Can anyone please explain why the state don't change in this rule?
The state can change in subsequent reduction steps because on the right hand side of
$$ \langle while\ B\ do\ S, \sigma \rangle \quad\rightarrow\quad \langle if\ B\ then\ ( {\color{red}{S}};\ while\ B\ do\ S )\ else\ skip, \sigma\rangle $$
the $while$-loop is guarded (preceeded) by $S$. The computation of $S$ may change the state so that the condition $B$ can evaluate to $\mathsf{false}$.

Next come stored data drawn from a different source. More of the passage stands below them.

Lemma card_set2I (c d : T) (B : {set T}) :
  c != d -> #|[set c; d] :&: B| = (c \in B) + (d \in B).
Proof.
move=> cd; have uniq_cd : uniq [:: c; d] by rewrite /= inE cd.
transitivity (count (mem B) [:: c; d]); last by rewrite /= addn0.
rewrite -size_filter -(card_uniqP (filter_uniq _ uniq_cd)).
by apply: eq_card => y; rewrite !inE mem_filter !inE andbC.
Qed.

Lemma card_sum_set (T1 T2 : finType) (A : {set T1 + T2}) :
  #|A| = #|[set x | inl x \in A]| + #|[set y | inr y \in A]|.
Proof. by rewrite -sum1_card big_sumType !sum1dep_card. Qed.

Local Open Scope ring_scope.

Lemma sum_sign_rank (R : pzRingType) (Y : {set T}) (q : T -> nat) :
    {in Y &, injective q} ->
  \sum_(b in Y) (-1) ^+ #|[set c in Y | (q c < q b)%N]| = (odd #|Y|)%:R :> R.
Proof.
elim: {Y}_.+1 {-2}Y (ltnSn #|Y|) => // n IH Y le_Yn q_inj.
have [->|[b0 b0Y]] := set_0Vmem Y; first by rewrite big_set0 cards0.
have [m mY q_max] := arg_maxnP q b0Y; have {}mY : m \in Y := mY.
have below_max : [set c in Y | (q c < q m)%N] = Y :\ m.
  apply/setP => c; rewrite !inE; case: (eqVneq c m) => [->|cm]; first by rewrite ltnn andbF.
  case cY: (c \in Y) => //=; rewrite ltn_neqAle; apply/andP; split; last exact: q_max.
  by apply: contra cm => /eqP/(q_inj _ _ cY mY) ->.
have inj' : {in Y :\ m &, injective q} by apply: sub_in2 q_inj => c /setD1P[].
rewrite (bigD1 m) //= below_max (eq_bigl (mem (Y :\ m))) => [|b]; last first.
  by rewrite !inE andbC.
rewrite (eq_bigr (fun b => (-1) ^+ #|[set c in Y :\ m | (q c < q b)%N]|)) => [|b].
  rewrite IH //; last by move: le_Yn; rewrite (cardsD1 m Y) mY add1n ltnS.
  rewrite (cardsD1 m Y) mY -signr_odd /=.
  by case: (odd _); rewrite ?expr1 ?expr0 ?addNr ?addr0.
rewrite !inE => /andP[bm bY]; congr (_ ^+ _); apply: eq_card => c; rewrite !inE.
case: (eqVneq c m) => [->|//]; have := q_max b bY.
by rewrite /= mY leqNgt => /negbTE->.
Qed.

Lemma sqrt_prod (R : rcfType) (I : finType) (A : {pred I}) (f : I -> R) :
    (forall i, i \in A -> 0 <= f i) ->
  Num.sqrt (\prod_(i in A) f i) = \prod_(i in A) Num.sqrt (f i).
Proof.
move=> f_ge0; rewrite -(eq_bigr _ (fun i Ai => sqr_sqrtr (f_ge0 i Ai))) prodrXl sqrtr_sqr.
by rewrite ger0_norm // prodr_ge0 // => i _; apply: sqrtr_ge0.
Qed.

End Counting.

Section ChordMatchings.
Variables (E : finType) (sigma : {perm dart E}).
Local Notation T := (dart E).
Local Notation sv := (same_vertex sigma).
Local Notation pos := (findex sigma).

Definition chord (U : {set T}) := (#|U| == 2) && [forall a in U, forall b in U, sv a b].

Definition chord_matching (X : {set T}) (F : {set {set T}}) :=
  [forall U in F, chord U] && [forall d, #|[set U in F | d \in U]| == (d \in X)].

Definition partners (X : {set T}) a := [set b in X | sv a b & b != a].

Definition even_at_vertices (X : {set T}) :=
  [forall d, ~~ odd #|[set d' | sv d d' & d' \in X]|].

Lemma chordP U : chord U -> exists a b, [/\ a != b, sv a b & U = [set a; b]].
Proof.
case/andP=> /cards2P[a [b [ab ->]]] /forall_inP/(_ a (set21 a b))/forall_inP sv_a.
by exists a, b; split; rewrite // sv_a ?set22.
Qed.

Lemma chord2 a b : a != b -> sv a b -> chord [set a; b].
Proof.
move=> ab sab; rewrite /chord cards2 ab /=.
have sv_ab x : x \in [set a; b] -> sv a x.
  by rewrite !inE => /orP[]/eqP->; rewrite ?sab //; exact: connect0.
apply/forall_inP => y /sv_ab ay; apply/forall_inP => z /sv_ab az.
by apply: connect_trans az; rewrite fconnect_permC.
Qed.

Section Matching.
Variables (X : {set T}) (F : {set {set T}}).
Hypothesis FX : chord_matching X F.

Lemma matching_chord U : U \in F -> chord U.
Proof. by case/andP: FX => /forall_inP chords _; apply: chords. Qed.

Lemma matching_cover d : #|[set U in F | d \in U]| = (d \in X).
Proof. by case/andP: FX => _ /forallP/(_ d)/eqP. Qed.

Lemma matching_sub U d : U \in F -> d \in U -> d \in X.
Proof.
move=> UF dU; rewrite -[d \in X]lt0b -matching_cover.
by apply/card_gt0P; exists U; rewrite inE UF.
Qed.

Lemma matching_eq U V d : U \in F -> V \in F -> d \in U -> d \in V -> U = V.
Proof.
move=> UF VF dU dV; apply/eqP; apply: contraTT (leq_b1 (d \in X)) => UV.
have sub_UV : [set U; V] \subset [set W in F | d \in W].
  by apply/subsetP => W; rewrite !inE => /orP[]/eqP->; apply/andP.
by rewrite -matching_cover -ltnNge (leq_trans _ (subset_leq_card sub_UV)) // cards2 UV.
Qed.

Lemma matching_partner a : a \in X ->
  exists b, forall b', (b' \in partners X a) && ([set a; b'] \in F) = (b' == b).
Proof.
move=> aX; have /card_gt0P[U] : 0 < #|[set U in F | a \in U]| by rewrite matching_cover aX.
rewrite inE => /andP[UF aU]; have [c [d [cd scd eU]]] := chordP (matching_chord UF).
have [b [ab sab abF]] : exists b, [/\ a != b, sv a b & [set a; b] \in F].
  move: aU; rewrite eU in_set2 => /orP[]/eqP eac; subst a; first by exists d; rewrite -eU.
  by exists c; rewrite eq_sym same_vertexC setUC -eU.
exists b => b'; rewrite inE; apply/andP/eqP => [[/and3P[_ _ b'a] ab'F]|->].
  rewrite eq_sym in b'a.
  by have [[]|[/eqP]] := set2P b'a (matching_eq ab'F abF (set21 a b') (set21 a b));
    last by rewrite (negbTE b'a).
by rewrite abF eq_sym ab sab (matching_sub abF (set22 a b)).
Qed.

End Matching.

Lemma chord_matching0 F : chord_matching set0 F = (F == set0).
Proof.
apply/idP/eqP => [FX|->]; last first.
  by apply/andP; split; apply/forallP => d; rewrite ?inE // cards_eq0 -subset0;
    apply/subsetP => U; rewrite !inE.
apply/setP => U; rewrite inE; apply/negP => UF.
have [a [b [_ _ eU]]] := chordP (matching_chord FX UF).
by have := matching_sub FX UF (_ : a \in U); rewrite inE eU set21 => /(_ isT).
Qed.

Lemma card_coverU1 (F : {set {set T}}) U d : U \notin F ->
  #|[set V in U |: F | d \in V]| = (d \in U) + #|[set V in F | d \in V]|.
Proof.
move=> UF; case: (boolP (d \in U)) => dU; last first.
  apply: eq_card => V; rewrite !inE.
  by case: (eqVneq V U) => // ->; rewrite (negbTE dU) !andbF.
have -> : [set V in U |: F | d \in V] = U |: [set V in F | d \in V].
  by apply/setP => V; rewrite !inE; case: (eqVneq V U) => // ->.
by rewrite cardsU1 inE (negbTE UF).
Qed.

Lemma chord_matchingU1 (X : {set T}) F a b : a != b -> a \in X -> b \in X -> sv a b ->
  chord_matching X ([set a; b] |: F) && ([set a; b] \notin F) =
  chord_matching (X :\ a :\ b) F.
Proof.
move=> ab aX bX sab.
have cover_ab d : (d \in [set a; b]) + (d \in X :\ a :\ b) = (d \in X).
  rewrite in_set2 !in_setD1; case: (eqVneq d a) => [->|da] /=; first by rewrite andbF aX.
  by case: (eqVneq d b) => [->|db] /=; rewrite ?bX.
apply/idP/idP => [/andP[FX abF] | FX].
  apply/andP; split.
    by apply/forall_inP => U UF; apply: (matching_chord FX); rewrite setU1r.
  apply/forallP => d; have := matching_cover FX d; rewrite card_coverU1 // -cover_ab.
  by move/addnI->.
have abF : [set a; b] \notin F.
  by apply/negP => abF; have := matching_sub FX abF (set22 a b); rewrite setD11.
rewrite abF andbT; apply/andP; split.
  by apply/forall_inP => U /setU1P[->|/(matching_chord FX)//]; apply: chord2.
by apply/forallP => d; rewrite card_coverU1 // (matching_cover FX) cover_ab.
Qed.

Lemma even_at_verticesD2 (X : {set T}) a b : a != b -> a \in X -> b \in X -> sv a b ->
  even_at_vertices (X :\ a :\ b) = even_at_vertices X.
Proof.
move=> ab aX bX sab; apply: eq_forallb => d.
set S := [set d' | sv d d' & d' \in X].
have db : sv d b = sv d a := esym (same_connect_r (@fconnect_permC _ sigma) sab d).
rewrite (cardsD1 a S) (cardsD1 b (S :\ a)) !inE aX bX (eq_sym b a) ab db /=.
have -> : S :\ a :\ b = [set d' | sv d d' & d' \in X :\ a :\ b].
  by apply/setP => y; rewrite !inE; case: (sv d y); rewrite ?andbF.
by rewrite addnA addnn oddD odd_double.
Qed.

Lemma odd_partners (X : {set T}) a : a \in X -> even_at_vertices X -> odd #|partners X a|.
Proof.
move=> aX /forallP/(_ a); have -> : [set d' | sv a d' & d' \in X] = a |: partners X a.
  apply/setP => y; rewrite !inE; case: (eqVneq y a) => [->|ya] /=; last by rewrite andbT andbC.
  by rewrite aX andbT; exact: connect0.
by rewrite cardsU1 !inE eqxx !andbF /= negbK.
Qed.

Definition dimer_of (L : {set E}) (F : {set {set T}}) : {set kedge E} :=
  [set k | match k with inl e => e \in L | inr U => U \in F end].

Definition crossings (F : {set {set T}}) := tcross sigma (dimer_of set0 F).

Lemma crossingsU1 (F : {set {set T}}) U : U \notin F ->
  crossings (U |: F) = crossings F +
    #|[set V in F | kcross sigma (inr U) (inr V) || kcross sigma (inr V) (inr U)]|.
Proof.
move=> UF; rewrite /crossings; have -> : dimer_of set0 (U |: F) = inr U |: dimer_of set0 F.
  by apply/setP => -[e|V]; rewrite !inE.
rewrite [tcross _ _](card_rel_pairsU1 (kcross sigma)) ?inE //; congr (_ + _).
have inr_inj : injective (@inr E {set T}) by move=> ? ? [].
rewrite -(card_imset _ inr_inj); apply: eq_card => -[e|V]; rewrite !inE.
  by apply/esym/imsetP => -[].
by rewrite (mem_imset _ _ inr_inj) inE.
Qed.

Lemma crossing_parity (X : {set T}) F a b :
    a != b -> a \in X -> b \in X -> sv a b -> chord_matching (X :\ a :\ b) F ->
  odd #|[set V in F | kcross sigma (inr [set a; b]) (inr V)
                      || kcross sigma (inr V) (inr [set a; b])]| =
  odd #|[set c in partners X a | pos a c < pos a b]|.
Proof.
move=> ab aX bX sab FX; set B := [set c in partners X a | _].
have inB y : y \in X :\ a :\ b -> (y \in B) = sv a y && (pos a y < pos a b).
  by rewrite !inE => /and3P[_ ya yX]; rewrite yX ya andbT.
have B_sub y : y \in B -> y \in X :\ a :\ b.
  rewrite !inE => /andP[/and3P[yX _ ya] lt_yb]; rewrite yX ya /= andbT.
  by apply: contraTneq lt_yb => ->; rewrite ltnn.
have -> : #|B| = \sum_(V in F) #|V :&: B|.
  rewrite sum_card_setI -[#|B|]sum1_card; apply: eq_bigr => y /B_sub yX.
  by rewrite (matching_cover FX) yX.
rewrite -sum1dep_card big_mkcondr; apply: odd_sum_eq => V VF.
have [c [d [cd scd eV]]] := chordP (matching_chord FX VF).
have cX : c \in X :\ a :\ b by rewrite (matching_sub FX VF) // eV set21.
have dX : d \in X :\ a :\ b by rewrite (matching_sub FX VF) // eV set22.
have uniq4 : uniq [:: a; b; c; d].
  move: cX dX; rewrite !inE /= !negb_or ab cd => /and3P[cb ca _] /and3P[db da _].
  by rewrite !(eq_sym a) !(eq_sym b) ca da cb db.
rewrite eV !kcross_chords // (interlace_swap _ c) orbb interlace_root // card_set2I //.
by rewrite oddD !oddb !inB //; case: (_ (+) _).
Qed.

Local Open Scope ring_scope.

Lemma sum_matchings_with_chord (R : pzRingType) (X : {set T}) a b :
    a != b -> a \in X -> b \in X -> sv a b ->
  \sum_(F | chord_matching X F && ([set a; b] \in F)) (-1) ^+ crossings F =
  (-1) ^+ #|[set c in partners X a | (pos a c < pos a b)%N]| *
  \sum_(F | chord_matching (X :\ a :\ b) F) (-1) ^+ crossings F :> R.
Proof.
move=> ab aX bX sab; rewrite mulr_sumr.
rewrite (reindex_onto (fun F => [set a; b] |: F) (fun F => F :\ [set a; b])) /=; last first.
  by move=> F /andP[_ abF]; rewrite setD1K.
rewrite [LHS](eq_bigl (chord_matching (X :\ a :\ b))) => [|F]; last first.
  rewrite setU11 andbT -chord_matchingU1 //; congr (_ && _).
  by apply/eqP/idP => [<-|/setU1K //]; rewrite setD11.
apply: eq_bigr => F FX.
have abF : [set a; b] \notin F.
  by apply/negP => abF; have := matching_sub FX abF (set22 a b); rewrite setD11.
rewrite crossingsU1 // addnC exprD; congr (_ * _).
by rewrite -signr_odd (crossing_parity ab aX bX sab FX) signr_odd.
Qed.

Lemma crossings0 : crossings set0 = 0%N.
Proof.
rewrite /crossings (_ : dimer_of set0 set0 = set0); last by apply/setP => -[e|U]; rewrite !inE.
apply/eqP; rewrite cards_eq0; apply/eqP/setP => Q; rewrite !inE subset0.
by apply/negP => /andP[/eqP-> /existsP[k1 /existsP[k2 /andP[/andP[/eqP/setP/(_ k1)]]]]];
  rewrite !inE eqxx.
Qed.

In programming language semantics, the notion of program state is not a vague philosophical notion, but a very precise mathematical one. A state $s$ in this small-step operational semantics is a partial function
$$ s : \mathbf{Var} \hookrightarrow \mathbb{Z} $$
that records the values of the variables. So if $s\, x = v$, then variable $x$ has value $v$. The state is necessarily a partial function, since it only makes sense to record the values of variables that actually occur.
The unfolding axiom
$$ \langle \texttt{while}\; b\; \texttt{do}\; S,s \rangle \Rightarrow \langle \texttt{if}\; b\; \texttt{then}\; S; \texttt{while}\; b\; \texttt{do}\; S \; \texttt{else skip},s \rangle$$
is simply telling us that we unfold a while-loop into a conditional statement, one of whose branches contains the loop. No variables will change their value because of this, and for this reason the state does not change.
The state $\sigma$ does not change when we consider $B$ to decide whether to perform one iteration of the loop, but it can change later when we run the body $S$. And so, the next time we consider $B$, there can be a change of $\sigma$.